Pull every line holding the word "else" from the data below and copy it.

** STORED DATA follows **

(* Let $n\ge 2$ and let $h_{ab}\in\Gamma_{\mathrm{pc}}(T^*\mathbb{R}^n\otimes_s T^*\mathbb{R}^n)$ be a smooth, past-compact, symmetric $(0,2)$-tensor field on $n$-dimensional Minkowski spacetime, with trace $h:=\eta^{ab}h_{ab}$. Then there exist unique smooth past-compact fields $w\in C^\infty_{\mathrm{pc}}(\mathbb{R}^n)$, $v^{\mathrm{T}}_a\in\Gamma_{\mathrm{pc}}(T^*\mathbb{R}^n)$, $h^{\mathrm{TT}}_{ab}\in\Gamma_{\mathrm{pc}}(T^*\mathbb{R}^n\otimes_s T^*\mathbb{R}^n)$ with $\partial^a v^{\mathrm{T}}_a=0$, $\partial^a h^{\mathrm{TT}}_{ab}=0$ and $\eta^{ab}h^{\mathrm{TT}}_{ab}=0$, such that $$h_{ab}=h^{\mathrm{S}}_{ab}+h^{\mathrm{V}}_{ab}+h^{\mathrm{TT}}_{ab},\qquad h^{\mathrm{S}}_{ab}:=\Big(\partial_a\partial_b-\tfrac1n\eta_{ab}\square\Big)w+\tfrac1n\eta_{ab}h,\qquad h^{\mathrm{V}}_{ab}:=\partial_a v^{\mathrm{T}}_b+\partial_b v^{\mathrm{T}}_a .$$ Moreover, $w$ and $v^{\mathrm{T}}_a$ are given explicitly by $$w=\frac{n}{n-1}\,\mathsf{G}_{\mathrm{ret}}^{\circ 2}\Big(\partial^a\partial^b h_{ab}-\tfrac1n\square h\Big),\qquad v^{\mathrm{T}}_b=\mathsf{G}_{\mathrm{ret}}\Big(\partial^a h_{ab}-\tfrac1n\partial_b h-\tfrac{n-1}{n}\partial_b\square w\Big).$$
   Context: Minkowski spacetime $(\mathbb{R}^n,\eta_{ab})$ with $\eta=\mathrm{diag}(-1,1,\dots,1)$; indices are raised and lowered with $\eta$; $\square:=\eta^{ab}\partial_a\partial_b$. A set $A\subset\mathbb{R}^n$ is past-compact if $A\cap J^-(K)$ is compact for every compact $K$, where $J^-$ denotes the causal past; $C^\infty_{\mathrm{pc}}$, $\Gamma_{\mathrm{pc}}$ denote smooth functions/sections with past-compact support. $\mathsf{G}_{\mathrm{ret}}$ is the retarded Green operator of $\square$, i.e. the unique linear map $C^\infty_{\mathrm{pc}}\to C^\infty_{\mathrm{pc}}$ with $\square\mathsf{G}_{\mathrm{ret}}f=f$ and $\mathsf{G}_{\mathrm{ret}}\square f=f$ (applied componentwise to tensors), and $\mathsf{G}_{\mathrm{ret}}^{\circ 2}=\mathsf{G}_{\mathrm{ret}}\circ\mathsf{G}_{\mathrm{ret}}$. *)

(* Minkowski spacetime R^n is modelled as 'rV[R]_n
   (R : realType), index 0 is the time coordinate, eta = diag(-1,1,...,1). *)
From HB Require Import structures.
From mathcomp Require Import all_boot all_order all_algebra.
From mathcomp Require Import all_classical all_reals all_analysis.
Set Implicit Arguments. Unset Strict Implicit. Unset Printing Implicit Defensive.
Import Order.TTheory GRing.Theory Num.Theory.
Import numFieldNormedType.Exports.
Local Open Scope classical_set_scope.
Local Open Scope ring_scope.

Section Minkowski.
Variables (R : realType) (n : nat).
Notation pt := 'rV[R]_n.

(* diagonal entries of the Minkowski metric (equal to those of its inverse) *)
Definition meta (a : 'I_n) : R := if val a == 0%N then -1 else 1.
Definition etam (a b : 'I_n) : R := if a == b then meta a else 0.

Definition evec (a : 'I_n) : pt := delta_mx 0 a.

Definition partial (a : 'I_n) (f : pt -> R) : pt -> R :=
  fun x => derive f x (evec a).

Definition iter_partial (l : seq 'I_n) (f : pt -> R) : pt -> R :=
  foldr partial f l.

Definition smooth (f : pt -> R) : Prop :=
  forall (l : seq 'I_n) (x : pt), differentiable (iter_partial l f) x.

Definition box (f : pt -> R) : pt -> R :=
  fun x => \sum_(a < n) meta a * partial a (partial a f) x.

(* causal relation: y is in the causal past of x (J^-(x)), i.e. x - y is
   future-directed causal or zero *)
Definition causal_past (y x : pt) : Prop :=
  let d := x - y in
  (forall i : 'I_n, val i = 0%N -> 0 <= d 0 i) /\
  \sum_(i < n) meta i * (d 0 i) ^+ 2 <= 0.

Definition Jminus (K : set pt) : set pt :=
  [set y | exists2 x, K x & causal_past y x].

Definition past_compact (A : set pt) : Prop :=
  forall K : set pt, compact K -> compact (A `&` Jminus K).

Definition pc_scalar (f : pt -> R) : Prop :=
  past_compact (closure [set x | f x != 0]).
Definition pc_covector (v : 'I_n -> pt -> R) : Prop :=
  past_compact (closure [set x | exists a, v a x != 0]).
Definition pc_tensor2 (h : 'I_n -> 'I_n -> pt -> R) : Prop :=
  past_compact (closure [set x | exists a b, h a b x != 0]).

Definition is_retarded_green (G : (pt -> R) -> (pt -> R)) : Prop :=
  (forall f, smooth f -> pc_scalar f ->
     [/\ smooth (G f), pc_scalar (G f), box (G f) = f & G (box f) = f]) /\
  (forall (c : R) f g, smooth f -> pc_scalar f -> smooth g -> pc_scalar g ->
     G (fun x => c * f x + g x) = (fun x => c * G f x + G g x)).

End Minkowski.
Arguments meta {R n}.
Arguments etam {R n}.
Arguments evec {R n}.

From HB Require Import structures.
From mathcomp Require Import all_boot all_order all_algebra.
From mathcomp Require Import all_classical all_reals all_analysis.
From mathcomp Require Import ring.
Set Implicit Arguments. Unset Strict Implicit. Unset Printing Implicit Defensive.
Import Order.TTheory GRing.Theory Num.Theory.
Import numFieldNormedType.Exports.
Local Open Scope classical_set_scope.
Local Open Scope ring_scope.

(* Taking the divergence of h = h^S + h^V + h^TT and using ∂^a v_a = 0 and
   ∂^a h^TT_ab = 0 gives
     ∂^a h_ab = (1 - 1/n) ∂_b □w + (1/n) ∂_b h + □v_b,
   and a second divergence gives ∂^a ∂^b h_ab - (1/n) □h = (1 - 1/n) □□w.
   Since G_ret inverts □ on smooth past-compact functions, these two equations
   force the stated formulas for w and v, and h^TT is what remains.
   Conversely, for w and v so defined, □(∂^a v_a) = 0, hence ∂^a v_a = 0, and
   the same divergence identity shows that h^TT := h - h^S - h^V is
   divergence-free; it is traceless because h^S carries the whole trace.
   Throughout, mixed partial derivatives of smooth functions commute (Clairaut,
   proved from the mean value theorem), so that □ commutes with every ∂_a. *)

Section SmoothCalculus.
Variables (R : realType) (n : nat).
Notation pt := 'rV[R]_n.
Implicit Types (f g : pt -> R).

Lemma smooth_differentiable f : smooth f -> forall x, differentiable f x.
Proof. by move=> sf; exact: (sf [::]). Qed.

Lemma smooth_partial a f : smooth f -> smooth (partial a f).
Proof.
by move=> sf l x; have := sf (l ++ [:: a]) x; rewrite /iter_partial foldr_cat.
Qed.

Lemma partialD a f g :
  (forall x, differentiable f x) -> (forall x, differentiable g x) ->
  partial a (fun y => f y + g y) = (fun y => partial a f y + partial a g y).
Proof.
move=> df dg; apply/funext => x.
exact (deriveD (diff_derivable (v := evec a) (df x))
               (diff_derivable (v := evec a) (dg x))).
Qed.

Lemma partialB a f g :
  (forall x, differentiable f x) -> (forall x, differentiable g x) ->
  partial a (fun y => f y - g y) = (fun y => partial a f y - partial a g y).
Proof.
move=> df dg; apply/funext => x.
exact (deriveB (diff_derivable (v := evec a) (df x))
               (diff_derivable (v := evec a) (dg x))).
Qed.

** End of STORED DATA **

» **SOLUTION TO THIS PROBLEM**:
Definition meta (a : 'I_n) : R := if val a == 0%N then -1 else 1.
Definition etam (a b : 'I_n) : R := if a == b then meta a else 0.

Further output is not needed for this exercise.